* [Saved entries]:
=== Begin Enclosure ===

Lemma ratv_near d v (e : R) : 0 < e ->
  exists g, sqnorm (ratv g) < sqnorm d + e /\ dotp d v - e < dotp (ratv g) v.
Proof.
move=> e_gt0; set S := \sum_(i < n) (d i ^+ 2 + v i ^+ 2 + 2).
have S_ge0 : 0 <= S.
  by apply: sumr_ge0 => i _; have := sqr_ge0 (d i); have := sqr_ge0 (v i); lra.
set dl := e / (S + e + 1).
have dl_gt0 : 0 < dl by rewrite divr_gt0 //; lra.
have dl_le1 : dl <= 1 by rewrite /dl ler_pdivrMr; lra.
have dlS : dl * S < e by rewrite /dl mulrC mulrA ltr_pdivrMr; [nra | lra].
have [g gP] : exists g : {ffun 'I_n -> rat}, forall i, d i - dl < ratr (g i) < d i + dl.
  have [f fP] : exists f : 'I_n -> rat, forall i, d i - dl < ratr (f i) < d i + dl.
    apply: (@fin_all_exists _ (fun=> rat) (fun i q => d i - dl < ratr q < d i + dl)) => i.
    have lo_hi : d i - dl < d i + dl by lra.
    by have [q] := rat_in_itvoo lo_hi; rewrite in_itv /=; exists q.
  by exists [ffun i => f i] => i; rewrite ffunE.
exists g; split.
  apply: (@le_lt_trans _ _ (sqnorm d + dl * S)); last by lra.
  rewrite /sqnorm /S mulr_sumr -big_split /=; apply: ler_sum => i _.
  exact: sqr_le_near.
apply: (@lt_le_trans _ _ (dotp d v - dl * S)); first by lra.
rewrite /dotp /S mulr_sumr -sumrB /=; apply: ler_sum => i _.
exact: mul_ge_near.
Qed.

Lemma enorm_le_ratv v (t : R) :
  (forall g, sqnorm (ratv g) <= 1 -> dotp (ratv g) v <= t) -> enorm v <= t.
Proof.
move=> H; rewrite leNgt; apply/negP => t_lt_s; set s := enorm v in t_lt_s.
have t_ge0 : 0 <= t.
  have := H [ffun=> 0]; rewrite /sqnorm /dotp /ratv.
  under eq_bigr do rewrite ffunE rmorph0 expr0n.
  under [X in X <= t]eq_bigr do rewrite ffunE rmorph0 mul0r.
  by rewrite !big1_eq ler01; apply.
have s_gt0 : 0 < s by lra.
(* [d] points in the direction of [v], with [d . v] halfway between [t] and [s]. *)
set th := (t + s) / (2 * s).
have th_ge0 : 0 <= th by rewrite divr_ge0 //; lra.
have one_th : 1 - th = (s - t) / (2 * s) by rewrite /th; field; lra.
pose d i := th / s * v i.
have sq_d : sqnorm d = th ^+ 2.
  rewrite /sqnorm; under eq_bigr do rewrite exprMn.
  by rewrite -mulr_sumr -/(sqnorm v) -sqr_enorm -/s; field; lra.
have dot_d : dotp d v = (t + s) / 2.
  rewrite /dotp; under eq_bigr do rewrite -mulrA -expr2.
  by rewrite -mulr_sumr -/(sqnorm v) -sqr_enorm -/s /th; field; lra.
set e := (s - t) / (2 * (s + 1)).
have e_gt0 : 0 < e by rewrite divr_gt0 //; lra.
have e_le : e <= 1 - th.
  by rewrite one_th ler_pM2l ?subr_gt0 // lef_pV2 ?posrE; lra.
have e_le_half : e <= (s - t) / 2.
  by rewrite ler_pM2l ?subr_gt0 // lef_pV2 ?posrE; lra.
have th_le1 : th <= 1 by have := ltW e_gt0; lra.
have [g [sq_g dot_g]] := ratv_near d v e_gt0.
have : dotp (ratv g) v <= t by apply: H; nra.
lra.
Qed.

(* Codes that do not denote a rational point of the closed unit ball get the
   junk value 0, which lies in the ball. *)
Definition ball_rat (k : nat) : 'I_n -> R :=
  if unpickle k is Some g then
    if sqnorm (ratv g) <= 1 then ratv g else fun=> 0
  else fun=> 0.

Lemma sqnorm_ball_rat k : sqnorm (ball_rat k) <= 1.
Proof.
rewrite /ball_rat; case: unpickle => [g|]; last by rewrite sqnorm0 ler01.
by case: ifP => // _; rewrite sqnorm0 ler01.
Qed.

Lemma enorm_leP v (t : R) : enorm v <= t <-> forall k, dotp (ball_rat k) v <= t.
Proof.
split => [v_le k | H].
  apply: le_trans (dotp_le_enorm _ _) _; apply: le_trans v_le.
  have : enorm (ball_rat k) <= 1 by rewrite -sqrtr1 ler_sqrt ?ler01 // sqnorm_ball_rat.
  by have := enorm_ge0 v; have := enorm_ge0 (ball_rat k); nra.
by apply: enorm_le_ratv => g g_ball; have := H (pickle g); rewrite /ball_rat pickleK g_ball.
Qed.

Definition causal_utility x (k : nat) : R := x.1 - dotp (ball_rat k) x.2.

Lemma causal_utilityP : is_utility (@causal_le R n) causal_utility.
Proof.
move=> x y; rewrite /causal_le enorm_leP.
have dotB k : dotp (ball_rat k) (fun i => y.2 i - x.2 i) =
              dotp (ball_rat k) y.2 - dotp (ball_rat k) x.2.
  by rewrite /dotp -sumrB; apply: eq_bigr => i _; rewrite mulrBr.
by split => H k; have := H k; rewrite /causal_utility dotB; lra.
Qed.

Definition coords x : seq R := x.1 :: [seq x.2 i | i <- enum 'I_n].

Lemma mpoint_eq x y : x.1 = y.1 -> (forall i, x.2 i = y.2 i) -> x = y.
Proof. by case: x y => [x1 x2] [y1 y2] /= -> /functional_extensionality ->. Qed.

Lemma coords_inj : injective coords.
Proof.
move=> x y [eq1 /eq_in_map eq2]; apply: mpoint_eq => // i.
by apply: eq2; rewrite mem_enum.
Qed.

Lemma causal_le_time x y : causal_le x y -> x.1 <= y.1.
Proof. by have := enorm_ge0 (fun i => y.2 i - x.2 i); rewrite /causal_le; lra. Qed.

Lemma causal_le_same_time x y : causal_le x y -> x.1 = y.1 -> x = y.
Proof.
rewrite /causal_le => xy t_eq; apply: mpoint_eq => // i.
have /enorm_eq0/(_ i) : enorm (fun i => y.2 i - x.2 i) = 0.
  by apply/eqP; rewrite eq_le enorm_ge0 andbT; move: xy; rewrite t_eq subrr.
lra.
Qed.

Lemma coords_mono x y : causal_le x y -> ((coords x : seqlexi R) <= coords y)%O.
Proof.
move=> xy; have [t_eq|t_neq] := eqVneq x.1 y.1.
  by rewrite (causal_le_same_time xy t_eq).
have t_lt : x.1 < y.1 by rewrite lt_neqAle t_neq causal_le_time.
by rewrite lexi_cons (ltW t_lt) leNgt t_lt.
Qed.

End Minkowski.

Section UnitCircle.
Variable R : realFieldType.
Implicit Types s r : R.

(* Rational parametrization of the unit circle. *)
Definition stereo1 s := (1 - s ^+ 2) / (1 + s ^+ 2).
Definition stereo2 s := 2 * s / (1 + s ^+ 2).

Lemma one_plus_sqr_gt0 s : 0 < 1 + s ^+ 2.
Proof. by have := sqr_ge0 s; lra. Qed.

Lemma stereo_norm s : stereo1 s ^+ 2 + stereo2 s ^+ 2 = 1.
Proof. by rewrite /stereo1 /stereo2; field; rewrite lt0r_neq0 ?one_plus_sqr_gt0. Qed.

Lemma stereo_sum_sqr s r :
  (stereo1 s + stereo1 r) ^+ 2 + (stereo2 s + stereo2 r) ^+ 2 =
  4 - 4 * (s - r) ^+ 2 / ((1 + s ^+ 2) * (1 + r ^+ 2)).
Proof.
by rewrite /stereo1 /stereo2; field; rewrite !lt0r_neq0 ?one_plus_sqr_gt0.
Qed.

(* By the parallelogram law: points with distinct parameters below [k] are at
   chordal distance at least [2 / (1 + k^2)]. *)
Lemma stereo_sum_sqr_le (k : nat) (i j : 'I_k) : i != j ->
  (stereo1 i%:R + stereo1 j%:R) ^+ 2 + (stereo2 i%:R + stereo2 j%:R) ^+ 2 <=
  4 - 4 / (1 + k%:R ^+ 2) ^+ 2.
Proof.
move=> ij; rewrite stereo_sum_sqr lerD2l lerN2.
set s : R := i%:R; set r : R := j%:R; set K : R := 1 + k%:R ^+ 2.
have sr : 1 <= (s - r) ^+ 2.
  case: (ltngtP i j) => [ij'|ji'|/val_inj ij']; last by rewrite ij' eqxx in ij.
  - have : s + 1 <= r by rewrite /s /r natr1 ler_nat.
    nra.
  - have : r + 1 <= s by rewrite /s /r natr1 ler_nat.
    nra.
have sk : s ^+ 2 <= k%:R ^+ 2 by rewrite lerXn2r ?nnegrE ?ler0n // ler_nat ltnW.
have rk : r ^+ 2 <= k%:R ^+ 2 by rewrite lerXn2r ?nnegrE ?ler0n // ler_nat ltnW.
have D_gt0 := mulr_gt0 (one_plus_sqr_gt0 s) (one_plus_sqr_gt0 r).
have DK : (1 + s ^+ 2) * (1 + r ^+ 2) <= K ^+ 2.
  by rewrite expr2 ler_pM ?lerD2l //; apply/ltW/one_plus_sqr_gt0.
rewrite -mulrA ler_pM2l //; apply: (@le_trans _ _ ((1 + s ^+ 2) * (1 + r ^+ 2))^-1).
  by rewrite lef_pV2 ?posrE // exprn_gt0 // one_plus_sqr_gt0.
by rewrite ler_pMl ?invr_gt0.
Qed.

End UnitCircle.

Section PlaneVectors.
Variable R : realType.

Definition plane_vec n (a b : R) : 'I_n -> R :=
  fun i => if val i == 0%N then a else if val i == 1%N then b else 0.

Lemma plane_vecD n a b c d (i : 'I_n) :
  plane_vec a b i + plane_vec c d i = plane_vec (a + c) (b + d) i.
Proof. by rewrite /plane_vec; case: ifP => _; [|case: ifP => _]; rewrite ?addr0. Qed.

Lemma enorm_plane_vec n a b : (2 <= n)%N ->
  enorm (@plane_vec n a b) = Num.sqrt (a ^+ 2 + b ^+ 2).
Proof.
case: n => [|[|m]] // _; congr Num.sqrt.
by rewrite big_ord_recl big_ord_recl big1 ?addr0 // => i _; rewrite expr0n.
Qed.

End PlaneVectors.

Section StandardExamples.
Variables (R : realType) (n : nat).
Hypothesis n_ge2 : (2 <= n)%N.
Implicit Types (x y : mpoint R n).

Definition in_box x := 0 <= x.1 <= 2 /\ enorm x.2 <= 1.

=== End Enclosure ===

* [WHAT THE TASK REQUIRES]:
Lines from the one that contains "- have : r +" through the final line of the entries must be duplicated exactly, and no other lines.

* [RESPONSE TO THIS TASK]:
  - have : r + 1 <= s by rewrite /s /r natr1 ler_nat.
    nra.
have sk : s ^+ 2 <= k%:R ^+ 2 by rewrite lerXn2r ?nnegrE ?ler0n // ler_nat ltnW.
have rk : r ^+ 2 <= k%:R ^+ 2 by rewrite lerXn2r ?nnegrE ?ler0n // ler_nat ltnW.
have D_gt0 := mulr_gt0 (one_plus_sqr_gt0 s) (one_plus_sqr_gt0 r).
have DK : (1 + s ^+ 2) * (1 + r ^+ 2) <= K ^+ 2.
  by rewrite expr2 ler_pM ?lerD2l //; apply/ltW/one_plus_sqr_gt0.
rewrite -mulrA ler_pM2l //; apply: (@le_trans _ _ ((1 + s ^+ 2) * (1 + r ^+ 2))^-1).
  by rewrite lef_pV2 ?posrE // exprn_gt0 // one_plus_sqr_gt0.
by rewrite ler_pMl ?invr_gt0.
Qed.

End UnitCircle.

Section PlaneVectors.
Variable R : realType.

Definition plane_vec n (a b : R) : 'I_n -> R :=
  fun i => if val i == 0%N then a else if val i == 1%N then b else 0.

Lemma plane_vecD n a b c d (i : 'I_n) :
  plane_vec a b i + plane_vec c d i = plane_vec (a + c) (b + d) i.
Proof. by rewrite /plane_vec; case: ifP => _; [|case: ifP => _]; rewrite ?addr0. Qed.

Lemma enorm_plane_vec n a b : (2 <= n)%N ->
  enorm (@plane_vec n a b) = Num.sqrt (a ^+ 2 + b ^+ 2).
Proof.
case: n => [|[|m]] // _; congr Num.sqrt.
by rewrite big_ord_recl big_ord_recl big1 ?addr0 // => i _; rewrite expr0n.
Qed.

End PlaneVectors.

Section StandardExamples.
Variables (R : realType) (n : nat).
Hypothesis n_ge2 : (2 <= n)%N.
Implicit Types (x y : mpoint R n).

Definition in_box x := 0 <= x.1 <= 2 /\ enorm x.2 <= 1.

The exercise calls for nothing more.